The Ticketfly breach of late May exposed 27 million user accounts. The concert/event ticket distribution service’s data disaster revealed names, emails, phone numbers, and addresses. The site was slow in coming back online.

An Adidas breach exposed millions of accounts to an unauthorized party in late June. The compromised data included encrypted passwords, usernames, and contact data. Affected consumers used Adidas’ US e-commerce site, which was the target of the attack.

The recent TaskRabbit breach affected 3.75 million of the app’s users and contractors. Unfortunately, users bank account and social security numbers are at risk from the freelance labor marketplace fiasco.
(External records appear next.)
(* Let $K$ be a finite field of characteristic $p$ and order $q$, and let $d$ be an integer coprime to $q-1$. Then $$V_{K,d}=\min_{\chi\in\widehat{K^\times},\ \chi\neq 1}\nu_p\big(G_K(\chi)\,G_K(\bar\chi^{\,d})\big).$$
   Context: $\psi_K(x)=\exp(2\pi i\,\mathrm{Tr}_{K/\mathbb{F}_p}(x)/p)$; $W_{K,d}(a)=\sum_{x\in K}\psi_K(x^d+ax)$. $\widehat{K^\times}$ is the group of multiplicative characters of $K$, and for $\chi\in\widehat{K^\times}$ the Gauss sum is $G_K(\chi)=\sum_{a\in K^\times}\chi(a)\psi_K(a)$. $\nu_p$ denotes the $p$-adic valuation, normalized by $\nu_p(p)=1$, extended to $\mathbb{Q}(\zeta_p,\zeta_{q-1})$ (so fractional values may occur), with $\nu_p(0)=\infty$. Define $V_{K,d}=\min_{a\in K^\times}\nu_p(W_{K,d}(a))$. *)

From mathcomp Require Import all_boot all_order all_algebra all_field.
Set Implicit Arguments. Unset Strict Implicit. Unset Printing Implicit Defensive.
Import Order.TTheory GRing.Theory Num.Theory.
Local Open Scope ring_scope.

(* ---- extended valuation values: option rat, with None = +infinity ---- *)
Definition oadd (a b : option rat) : option rat :=
  match a, b with Some x, Some y => Some (x + y) | _, _ => None end.
Definition omin (a b : option rat) : option rat :=
  match a, b with
  | None, _ => b
  | _, None => a
  | Some x, Some y => Some (Num.min x y)
  end.
Definition ole (a b : option rat) : bool :=
  match a, b with
  | _, None => true
  | None, Some _ => false
  | Some x, Some y => x <= y
  end.

Definition is_omin (P : option rat -> Prop) (m : option rat) : Prop :=
  P m /\ forall x, P x -> ole m x.

(* v is a (rational-valued) valuation on algC extending nu_p, i.e. nu_p(p)=1,
   nu_p(0) = infinity.  Every extension of nu_p to Q(zeta_p, zeta_{q-1})
   is the restriction of such a v. *)
Definition pval (p : nat) (v : algC -> option rat) : Prop :=
  [/\ forall x, v x = None <-> x = 0,
      forall x y, v (x * y) = oadd (v x) (v y),
      forall x y, ole (omin (v x) (v y)) (v (x + y))
    & v p%:R = Some 1].

Section FF.
Variables (K : finFieldType) (p : nat).

(* zeta_p = exp(2 pi i / p): p.-root (-1) is exp(i pi / p) (minimal argument) *)
Definition zeta_p : algC := (p.-root (-1)) ^+ 2.

Definition absTr (x : K) : K := \sum_(i < logn p #|K|) x ^+ (p ^ i).

Definition trnat (x : K) : nat :=
  odflt ord0 [pick k : 'I_p.+1 | (k < p)%N && ((k%:R : K) == absTr x)].

Definition psiK (x : K) : algC := zeta_p ^+ trnat x.

Definition WKd (d : nat) (a : K) : algC := \sum_(x : K) psiK (x ^+ d + a * x).

(* multiplicative characters of K^x, represented as functions K -> algC
   (the value at 0 is irrelevant and never used) *)
Definition mchar (chi : K -> algC) : Prop :=
  chi 1 = 1 /\ forall x y : K, x != 0 -> y != 0 -> chi (x * y) = chi x * chi y.
Definition mchar_nontriv (chi : K -> algC) : Prop :=
  exists2 a : K, a != 0 & chi a != 1.

Definition gaussK (chi : K -> algC) : algC :=
  \sum_(a : K | a != 0) chi a * psiK a.

Definition VKd (v : algC -> option rat) (d : nat) : option rat :=
  \big[omin/None]_(a : K | a != 0) v (WKd d a).

End FF.

From mathcomp Require Import all_boot all_order all_algebra all_field.
From mathcomp Require Import cyclic ring lra.
Import Order.TTheory GRing.Theory Num.Theory.
Set Implicit Arguments. Unset Strict Implicit. Unset Printing Implicit Defensive.
Local Open Scope ring_scope.

(* Write xi = conj(chi)^d.  Substituting a -> a/x in G(xi) and using that x |-> x^d
   permutes K^* (as d is coprime to q - 1) gives G(chi) G(xi) = sum_{a <> 0} W(a) xi(a);
   the xi(a) are roots of unity, so every nu_p(G(chi) G(xi)) is at least V.
   Conversely, orthogonality of the characters chi_j of K^* inverts this identity:
   (q - 1)(W(a) - 1) = sum_j G(chi_j) G(xi_j) chi_j(a)^d, where the trivial character
   contributes 1.  Hence (q - 1) W(a) = q + (the sum over nontrivial j), and as
   nu_p(q - 1) = 0, nu_p(W(a)) >= min(n, M) with q = p^n and M the minimum over the
   nontrivial chi_j.  Finally G(chi) G(conj chi) = chi(-1) q shows that the values for
   chi_1 and its conjugate add up to 2n, so M <= n and V = M. *)

Lemma ole_refl a : ole a a.
Proof. by case: a => //= x; rewrite lexx. Qed.

Lemma ole_trans a b c : ole a b -> ole b c -> ole a c.
Proof. by move: a b c => [x|] [y|] [z|] //=; apply: le_trans. Qed.

Lemma ole_total a b : ole a b || ole b a.
Proof. by move: a b => [x|] [y|] //=; apply: le_total. Qed.

Lemma ole_anti a b : ole a b -> ole b a -> a = b.
Proof.
by move: a b => [x|] [y|] //= h1 h2; congr Some; apply/eqP; rewrite eq_le h1 h2.
Qed.

Lemma ole_omin x a b : ole x (omin a b) = ole x a && ole x b.
Proof. by move: x a b => [x|] [y|] [z|] //=; rewrite ?andbT // le_min. Qed.

Lemma omin_l a b : ole a b -> omin a b = a.
Proof. by move: a b => [x|] [y|] //= h; congr Some; apply/min_idPl. Qed.

Lemma omin_r a b : ole b a -> omin a b = b.
Proof. by move: a b => [x|] [y|] //= h; congr Some; apply/min_idPr. Qed.

Lemma omin_cases a b : omin a b = a \/ omin a b = b.
Proof. by case/orP: (ole_total a b) => [/omin_l|/omin_r] ->; [left|right]. Qed.

Lemma ole_ominl a b : ole (omin a b) a.
Proof. by have := ole_refl (omin a b); rewrite ole_omin => /andP[]. Qed.

Lemma ole_ominr a b : ole (omin a b) b.
Proof. by have := ole_refl (omin a b); rewrite ole_omin => /andP[]. Qed.

Lemma omin_mono a b c d : ole a b -> ole c d -> ole (omin a c) (omin b d).
Proof.
move=> ab cd; rewrite ole_omin.
by rewrite (ole_trans (ole_ominl _ _) ab) (ole_trans (ole_ominr _ _) cd).
Qed.

Lemma ole_half a b m r : oadd a b = Some (r *+ 2) -> ole m a -> ole m b ->
  ole m (Some r).
Proof. by case: a b m => [x|] [y|] [z|] //= [xy] zx zy; lra. Qed.

Lemma big_omin_glb (I : Type) (r : seq I) (P : pred I) (F : I -> option rat) x :
  (forall i, P i -> ole x (F i)) -> ole x (\big[omin/None]_(i <- r | P i) F i).
Proof.
move=> h; elim/big_ind: _ => //; first by case: x {h}.
by move=> a b ha hb; rewrite ole_omin ha hb.
Qed.

Lemma big_omin_lb (I : eqType) (r : seq I) (F : I -> option rat) i :
  i \in r -> ole (\big[omin/None]_(j <- r) F j) (F i).
Proof.
elim: r => // a r IH; rewrite in_cons big_cons => /predU1P[<-|/IH]; first exact: ole_ominl.
exact: ole_trans (ole_ominr _ _).
Qed.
The private sector needs to defend itself against cyberattacks regardless of White House moves or missteps.

Look to Zero Trust for protection

Zero Trust Security, powered by Next-Gen Access for identities, credentials, and privileged access, can block nation-states and criminal cyber elements that compromise users to siphon off data. Zero Trust assumes that the only way to truly be secure is to remove trust entirely and to adopt a “never trust, always verify” posture. For example, Identity & Access Management leader Centrify touts a Zero Trust approach that verifies every user, validates their device, limits access and privilege, and then learns and adapts using machine learning and behavior analytics to identify suspicious patterns in user behaviors.

The four pillars of Zero Trust Security

Patterns can include the atypical and potentially malicious use of applications, inappropriate searches and attempts at file access, and anything that strays from expected behavior based on a baseline of typical user activity. Machine learning also considers whether user activity is appropriate given the user’s context such as their location or the time of day.

Machine learning enables Next-Gen Access to assign a risk score to the user based on behavioral analysis. Depending on the risk score, Next-Gen Access clears the user so they can continue their work via Single Sign-On (SSO), challenges the user using Multifactor Authentication (MFA), or blocks the user entirely.

Centrify SSO limits weak, risky passwords, using a single passphrase across all your resources. With SSO, employees and partners are more effective and efficient and enjoy a more inviting experience. Next-Gen Access uses MFA to handle authentication’s heavy lifting. Centrify works with the gamut of authentication technologies including Smart Cards, OTP, FIDO U2F security tokens, and Centrify’s Mobile App.

Centrify Next-Gen Access

Centrify Next-Gen Access interweaves Identity-as-a-Service (IDaaS), enterprise mobility management (EMM), privileged access management, machine learning, and behavior analysis to continuously track, analyze, and confirm every user and device, every time without significantly impacting productivity and agility.

Hackers are no longer hacking their way into your systems. They are logging in just like the rest of us, likely using one of our identities and stolen or weak credentials. We see identity-exploiting breaches in headlines daily. With Centrify Next-Gen Access, you can secure the leading attack vector by placing Zero Trust in anyone.